▶ [ACTIVITY] Transcribe only the lines between the first line of the records and the line containing "-(rel1 a i j).", inclusive, exactly as written.

▶ [INPUT FOR THIS TASK]
Fixpoint scalar_of (e : term k Empty_set) : k :=
  match e with
  | tGen x => match x with end
  | tScal c => c
  | tAdd s u => scalar_of s + scalar_of u
  | tMul s u => scalar_of s * scalar_of u
  end.

Lemma pi_unitg (P : pres k) e : @pi _ P (subst (@unitg k _) e) = sc P (scalar_of e).
Proof.
by elim: e => [[]|c|s IHs u IHu|s IHs u IHu] //=; rewrite ?piD ?piM ?IHs ?IHu ?rmorphD ?rmorphM.
Qed.

Lemma split_sumt (X Y : Type) (s : seq (term k (X + Y))) :
  split (sumt s) = flatten (map (@split k X Y) s) ++ [:: (tScal 0, tScal 1)].
Proof. by elim: s => //= t s ->; rewrite catA. Qed.

Lemma pi_lin_tensor (P : pres k) (X Y : Type) (F : term k X -> term k Y -> term k (gen P)) v :
  pi (lin_tensor F v) = \sum_(x <- split v) pi (F x.1 x.2).
Proof. by rewrite /lin_tensor pi_sumt big_map. Qed.

Lemma comult_antipode_r : eqmap (H k p p) Z
  (fun t => lin_tensor (fun z u => tMul z (antipode u)) (subst (@comult k p q p) t))
  (fun t => subst (@unitg k _) (subst (@Hcounit k p) t)).
Proof.
have [rel1 _] := Hrelations_gen k p q.
move=> t; apply/eqv_piP; rewrite pi_lin_tensor pi_unitg.
under eq_bigr do rewrite piM.
elim: t => [[[a i] j]|c|s IHs u IHu|s IHs u IHu] /=.
- rewrite split_sumt big_cat big_flatten !big_map /= big_cons big_nil.
  under eq_bigr => l _ do rewrite /= big_cons big_nil /= !piM !pi_tScal rmorph1 !mulr1 addr0.
  by rewrite pi_tScal rmorph0 mul0r !addr0 kdeltaE rmorph_nat -(rel1 a i j).
- by rewrite big_cons big_nil /= mulr1 addr0.
- by rewrite big_cat IHs IHu rmorphD.
- rewrite big_allpairs_dep /=.
  under eq_bigr => x _ do under eq_bigr => y _ do
    rewrite !piM -!mulrA (mulrA (@pi _ Z y.1)).
  under eq_bigr => x _ do rewrite -big_distrr -big_distrl /= IHu mulrA -sc_central -mulrA.
  by rewrite -big_distrr /= IHs rmorphM sc_central.
Qed.

Lemma comult_antipode_l : eqmap (H k q q) Z
  (fun t => lin_tensor (fun u z => tMul (antipode u) z) (subst (@comult k q p q) t))
  (fun t => subst (@unitg k _) (subst (@Hcounit k q) t)).
Proof.
have [_ rel2] := Hrelations_gen k p q.
move=> t; apply/eqv_piP; rewrite pi_lin_tensor pi_unitg.
under eq_bigr do rewrite piM.
elim: t => [[[a i] j]|c|s IHs u IHu|s IHs u IHu] /=.
- rewrite split_sumt big_cat big_flatten !big_map /= big_cons big_nil.
  under eq_bigr => l _ do rewrite /= big_cons big_nil /= !piM !pi_tScal rmorph1 !mul1r addr0.
  by rewrite pi_tScal rmorph0 mul0r !addr0 kdeltaE rmorph_nat -(rel2 a i j).
- by rewrite big_cons big_nil /= !pi_tScal rmorph1 mulr1 addr0.
- by rewrite big_cat IHs IHu rmorphD.
- rewrite big_allpairs_dep /= exchange_big /=.
  under eq_bigr => y _ do under eq_bigr => x _ do
    rewrite !piM -!mulrA (mulrA (@pi _ Z (antipode x.1))).
  under eq_bigr => y _ do rewrite -big_distrr -big_distrl /= IHs mulrA -sc_central -mulrA.
  by rewrite -big_distrr /= IHu rmorphM.
Qed.

End AntipodeAxioms.

(** * Normal forms *)

Section NormalForms.
Variables (k : fieldType) (p q : nat).
Hypotheses (p_gt1 : (1 < p)%N) (q_gt1 : (1 < q)%N).
Local Notation letter := (Hgen p q).
Local Notation word := (seq letter).
Local Notation comb := (seq (k * word)).

Fact lead_row_subproof a : ((if odd a then p.-1 else 0) < p)%N.
Proof. by case: odd; lia. Qed.
Definition lead_row a : 'I_p := Ordinal (lead_row_subproof a).

Fact lead_col_subproof a : ((if odd a then q.-1 else 0) < q)%N.
Proof. by case: odd; lia. Qed.
Definition lead_col a : 'I_q := Ordinal (lead_col_subproof a).

Lemma lead_row_neq a : lead_row a != lead_row a.+1.
Proof. by rewrite -val_eqE /=; case: odd; apply/eqP; lia. Qed.

Lemma lead_col_neq a : lead_col a != lead_col a.+1.
Proof. by rewrite -val_eqE /=; case: odd; apply/eqP; lia. Qed.

Definition leading (g h : letter) : bool :=
  let: (a, i, j) := g in let: (b, i', j') := h in
  [&& b == a.+1, j == lead_col a & j' == lead_col a] ||
  [&& a == b.+1, i == lead_row b & i' == lead_row b].

(* [reduct g h = (c, s)] encodes the rewriting rule [g h -> c - \sum_(x <- s) x.1 x.2]. *)
Definition reduct (g h : letter) : k * seq (letter * letter) :=
  let: (a, i, j) := g in let: (b, i', j') := h in
  if b == a.+1 then
    (kdelta k i i', [seq ((a, i, l), (a.+1, i', l)) | l <- enum 'I_q & l != lead_col a])
  else (kdelta k j j', [seq ((a, l, j), (b, l, j')) | l <- enum 'I_p & l != lead_row b]).

Definition reducible (g : letter) (w : word) : bool :=
  if w is h :: _ then leading g h else false.

Fixpoint normal (w : word) : bool :=
  if w is g :: w' then ~~ reducible g w' && normal w' else true.

(* The number of leading words that [g] can begin. *)
Definition weight (g : letter) : nat :=
  let: (a, i, j) := g in
  (j == lead_col a) + (if a is a'.+1 then i == lead_row a' else false).

Lemma weight_le2 g : (weight g <= 2)%N.
Proof. by case: g => [[[|a] i] j]; rewrite -[2%N]/(1 + 1)%N; apply: leq_add; apply: leq_b1. Qed.

Lemma weight_reduct g h x : leading g h -> x \in (reduct g h).2 -> (weight x.1).+1 = weight g.
Proof.
case: g h => [[a i] j] [[b i'] j'] /= /orP[/and3P[/eqP-> /eqP-> _] | /and3P[/eqP-> /eqP-> _]].
  rewrite eqxx /= => /mapP[l]; rewrite mem_filter => /andP[/negbTE lc _] -> /=.
  by rewrite lc eqxx.
rewrite (ltn_eqF (leqnSn _)) /= => /mapP[l]; rewrite mem_filter => /andP[/negbTE lr _] -> /=.
by rewrite lr eqxx addn0 addn1.
Qed.

Definition comb_act (F : letter -> word -> comb) (g : letter) (v : comb) : comb :=
  flatten [seq [seq (z.1 * y.1, y.2) | y <- F g z.2] | z <- v].

(* The normal form of [g w], for [w] normal, computed with recursion depth [n]. *)
Fixpoint act_fuel (n : nat) (g : letter) (w : word) {struct n} : comb :=
  match n, w with
  | 0, _ => [::]
  | n'.+1, h :: w' =>
    if leading g h then
      ((reduct g h).1, w') ::
      [seq (- z.1, z.2) | z <- flatten [seq comb_act (act_fuel n') x.1 (act_fuel n' x.2 w')
                                       | x <- (reduct g h).2]]
    else [:: (1, g :: w)]
  | _.+1, [::] => [:: (1, [:: g])]
  end.

Lemma mem_comb_act F g v y : y \in comb_act F g v ->
  exists2 z, z \in v & exists2 y', y' \in F g z.2 & y.2 = y'.2.
Proof. by move=> /flattenP[s /mapP[z zv ->]] /mapP[y' y'F ->]; exists z => //; exists y'. Qed.

Lemma size_act_fuel n g w z : z \in act_fuel n g w -> (size z.2 <= (size w).+1)%N.
Proof.
elim: n g w z => [|n IHn] g [|h w] z //=; first by rewrite inE => /eqP->.
case: ifP => _; last by rewrite inE => /eqP->.
rewrite inE => /orP[/eqP-> /= | ]; first exact: leqW.
move=> /mapP[z' /flattenP[s /mapP[x _ ->]] /mem_comb_act[y yin [y' y'in ->]]] ->.
by apply: leq_trans (IHn _ _ _ y'in) _; rewrite ltnS (IHn _ _ _ yin).
Qed.

Lemma normal_act_fuel n g w z : normal w -> z \in act_fuel n g w -> normal z.2.
Proof.
elim: n g w z => [|n IHn] g [|h w] z //=; first by move=> _; rewrite inE => /eqP->.
move=> /andP[hw nw]; case: ifP => gh; last by rewrite inE => /eqP-> /=; rewrite gh hw nw.
rewrite inE => /orP[/eqP-> // | ].
move=> /mapP[z' /flattenP[s /mapP[x _ ->]] /mem_comb_act[y yin [y' y'in ->]]] ->.
exact: IHn (IHn _ _ _ nw yin) y'in.
Qed.

Lemma act_fuel_stable n n' g w : (3 * size w + weight g < n)%N -> (3 * size w + weight g < n')%N ->
  act_fuel n g w = act_fuel n' g w.
Proof.
elim: n n' g w => [|n IHn] [|n'] g [|h w] //= lt_n lt_n'.
case: ifP => // gh; congr (_ :: map _ (flatten _)); apply/eq_in_map => -[x1 x2] xin /=.
have /= wx := weight_reduct gh xin; have := weight_le2 x2; have := weight_le2 g.
rewrite mulnS in lt_n lt_n' => wg wx2.
have -> : act_fuel n x2 w = act_fuel n' x2 w by apply: IHn; lia.
congr flatten; apply/eq_in_map => -[c u] /size_act_fuel uw; congr map.
have bound m : (3 + 3 * size w + weight g < m.+1)%N -> (3 * size u + weight x1 < m)%N.
  by move: uw => /= uw; lia.
by apply: IHn; apply: bound.
Qed.

Definition act (g : letter) (w : word) : comb := act_fuel (3 * size w + 3) g w.

Lemma act_fuelE n g w : (3 * size w + weight g < n)%N -> act_fuel n g w = act g w.
Proof. by move=> lt_n; apply: act_fuel_stable lt_n _; have := weight_le2 g; lia. Qed.

Lemma act_irr g u : ~~ reducible g u -> act g u = [:: (1, g :: u)].
Proof.
rewrite /act (_ : 3 * size u + 3 = (3 * size u + 2).+1)%N ?addnS //=.
by case: u => [|h u] //= /negbTE ->.
Qed.
Lemma INR_nsum f t : INR (nsum f 0 (S t)) = sum_f_R0 (fun i => INR (f i)) t.
Proof.
  induction t as [|t IH].
  - cbn. now rewrite Nat.add_0_r.
  - now rewrite nsum_last, plus_INR, IH.
Qed.

Definition ncnt (B : nat -> Prop) (m : nat) : nat := nsum (ind B) 1 m.

Lemma cnt_INR B m : cnt B (INR m) = INR (ncnt B m).
Proof. unfold cnt, ncnt, nsum, list_sum. now rewrite Int_part_INR, Nat2Z.id. Qed.

Lemma cnt_floor B X : 0 <= X -> exists m, cnt B X = INR (ncnt B m) /\ INR m <= X < INR m + 1.
Proof.
  intros HX. destruct (base_Int_part X) as [Hlo Hhi].
  assert (Hz : (-1 < Int_part X)%Z) by (apply lt_IZR; lra).
  exists (Z.to_nat (Int_part X)).
  split; [reflexivity|]. rewrite INR_IZR_INZ, Z2Nat.id by lia. lra.
Qed.

Section Counting.
Local Open Scope nat_scope.

Lemma ind_le_1 B n : ind B n <= 1.
Proof. unfold ind. destruct (excluded_middle_informative (B n)); lia. Qed.

Lemma ncnt_le B m : ncnt B m <= m.
Proof.
  transitivity (nsum (fun _ => 1) 1 m).
  - apply nsum_le. intros i _. apply ind_le_1.
  - rewrite nsum_const. lia.
Qed.

Lemma ncnt_mono B m m' : m <= m' -> ncnt B m <= ncnt B m'.
Proof. intros Hm. apply nsum_subrange_le; lia. Qed.

Lemma ind_prodset_le A B M n : 1 <= n <= M ->
  ind (prodset A B) n <=
  nsum (fun a => nsum (fun b => ind A a * ind B b * Nat.b2n (a * b =? n)) 1 M) 1 M.
Proof.
  intros Hn. unfold ind at 1.
  destruct (excluded_middle_informative _) as [[a [b [Ha [Hb ->]]]]|]; [|lia].
  assert (1 <= a /\ 1 <= b) as [Ha1 Hb1] by (destruct a, b; cbn in *; lia).
  eapply Nat.le_trans; [|apply (nsum_ge_term _ 1 M a); nia].
  eapply Nat.le_trans; [|apply (nsum_ge_term _ 1 M b); nia].
  unfold ind. destruct (excluded_middle_informative (A a)); [|tauto].
  destruct (excluded_middle_informative (B b)); [|tauto].
  rewrite Nat.eqb_refl. reflexivity.
Qed.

▶ [ANSWER TO THIS PROBLEM]
Fixpoint scalar_of (e : term k Empty_set) : k :=
  match e with
  | tGen x => match x with end
  | tScal c => c
  | tAdd s u => scalar_of s + scalar_of u
  | tMul s u => scalar_of s * scalar_of u
  end.

Lemma pi_unitg (P : pres k) e : @pi _ P (subst (@unitg k _) e) = sc P (scalar_of e).
Proof.
by elim: e => [[]|c|s IHs u IHu|s IHs u IHu] //=; rewrite ?piD ?piM ?IHs ?IHu ?rmorphD ?rmorphM.
Qed.

Lemma split_sumt (X Y : Type) (s : seq (term k (X + Y))) :
  split (sumt s) = flatten (map (@split k X Y) s) ++ [:: (tScal 0, tScal 1)].
Proof. by elim: s => //= t s ->; rewrite catA. Qed.

Lemma pi_lin_tensor (P : pres k) (X Y : Type) (F : term k X -> term k Y -> term k (gen P)) v :
  pi (lin_tensor F v) = \sum_(x <- split v) pi (F x.1 x.2).
Proof. by rewrite /lin_tensor pi_sumt big_map. Qed.

Lemma comult_antipode_r : eqmap (H k p p) Z
  (fun t => lin_tensor (fun z u => tMul z (antipode u)) (subst (@comult k p q p) t))
  (fun t => subst (@unitg k _) (subst (@Hcounit k p) t)).
Proof.
have [rel1 _] := Hrelations_gen k p q.
move=> t; apply/eqv_piP; rewrite pi_lin_tensor pi_unitg.
under eq_bigr do rewrite piM.
elim: t => [[[a i] j]|c|s IHs u IHu|s IHs u IHu] /=.
- rewrite split_sumt big_cat big_flatten !big_map /= big_cons big_nil.
  under eq_bigr => l _ do rewrite /= big_cons big_nil /= !piM !pi_tScal rmorph1 !mulr1 addr0.
  by rewrite pi_tScal rmorph0 mul0r !addr0 kdeltaE rmorph_nat -(rel1 a i j).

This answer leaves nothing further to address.